■ **THE DATA**:
****

Lemma pt011_perm (z : K) (s : 'S_4) i :
  pt 0 1 1 z (s i) = pt_at z (s^-1 o0)%g (s^-1 o3)%g i.
Proof.
rewrite /pt_at -[i == _](inj_eq (@perm_inj _ s)) permKV.
rewrite -[i == _](inj_eq (@perm_inj _ s)) permKV.
by case: (ord4P (s i)) => ->.
Qed.

Lemma pt_at1 (p q : 'I_4) : pt_at 1 p q =1 pt_at 1 p p.
Proof. by move=> i; rewrite /pt_at; case: ifP => //; case: ifP. Qed.

Lemma perm_to_o0_o3 {p q : 'I_4} : p != q -> exists s : 'S_4, s p = o0 /\ s q = o3.
Proof.
move=> pq; have q'0 : tperm p o0 q != o0.
  by rewrite -[X in _ != X](tpermL p o0) (inj_eq perm_inj) eq_sym.
exists (tperm p o0 * tperm (tperm p o0 q) o3)%g.
by rewrite !permM tpermL (tpermD q'0) ?tpermL.
Qed.

Lemma pt_at_in_orbit (z : K) (p q : 'I_4) :
  p != q -> Defs.in_orbit (pt_at z p q) (pt 0 1 1 z).
Proof.
move=> pq; have [s [sp sq]] := perm_to_o0_o3 pq.
exists s, 1 => [|i]; first exact: oner_neq0.
by rewrite mul1r pt011_perm -sp -sq !permK.
Qed.

Lemma pt_at1_in_orbit (p : 'I_4) : Defs.in_orbit (pt_at 1 p p) (pt 0 1 1 1).
Proof.
exists (tperm p o0), 1 => [|i]; first exact: oner_neq0.
by rewrite mul1r pt011_perm tpermV tpermR pt_at1.
Qed.

Lemma pt_at_zero_inj {z : K} {p q p' q' : 'I_4} :
  z != 0 -> proj_eq (pt_at z p q) (pt_at z p' q') -> p = p'.
Proof.
move=> z0 [l _ /(_ p')]; rewrite /pt_at eqxx mulr0.
by case: eqP => // _; case: eqP => _ /eqP; rewrite ?(negbTE z0) ?oner_eq0.
Qed.

Lemma pt_at_inj (z : K) (p q p' q' : 'I_4) : (2 \in [pchar K])%N ->
  z != 0 -> z != 1 -> p != q -> p' != q' ->
  proj_eq (pt_at z p q) (pt_at z p' q') -> (p, q) = (p', q').
Proof.
move=> pchar2 z0 z1 pq pq' E; have pp' := pt_at_zero_inj z0 E; subst p'.
have [l _ {}E] := E; congr pair; apply/eqP; apply: contraT => qq'.
have [qp q'p] : q != p /\ q' != p by rewrite !(eq_sym _ p).
move: (E q) (E q'); rewrite /pt_at !eqxx (negbTE qp) (negbTE q'p) (negbTE qq').
rewrite (eq_sym q') (negbTE qq') mulr1 => <- /esym/eqP; rewrite -expr2 sqrf_eq1.
by rewrite oppr_pchar2 // orbb (negbTE z1).
Qed.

****

■ **TASK REQUIREMENTS**: Scan the material above for the string "negbTE", returning each line that contains it.

■ **TASK RESPONSE**:
by case: eqP => // _; case: eqP => _ /eqP; rewrite ?(negbTE z0) ?oner_eq0.
move: (E q) (E q'); rewrite /pt_at !eqxx (negbTE qp) (negbTE q'p) (negbTE qq').
rewrite (eq_sym q') (negbTE qq') mulr1 => <- /esym/eqP; rewrite -expr2 sqrf_eq1.
by rewrite oppr_pchar2 // orbb (negbTE z1).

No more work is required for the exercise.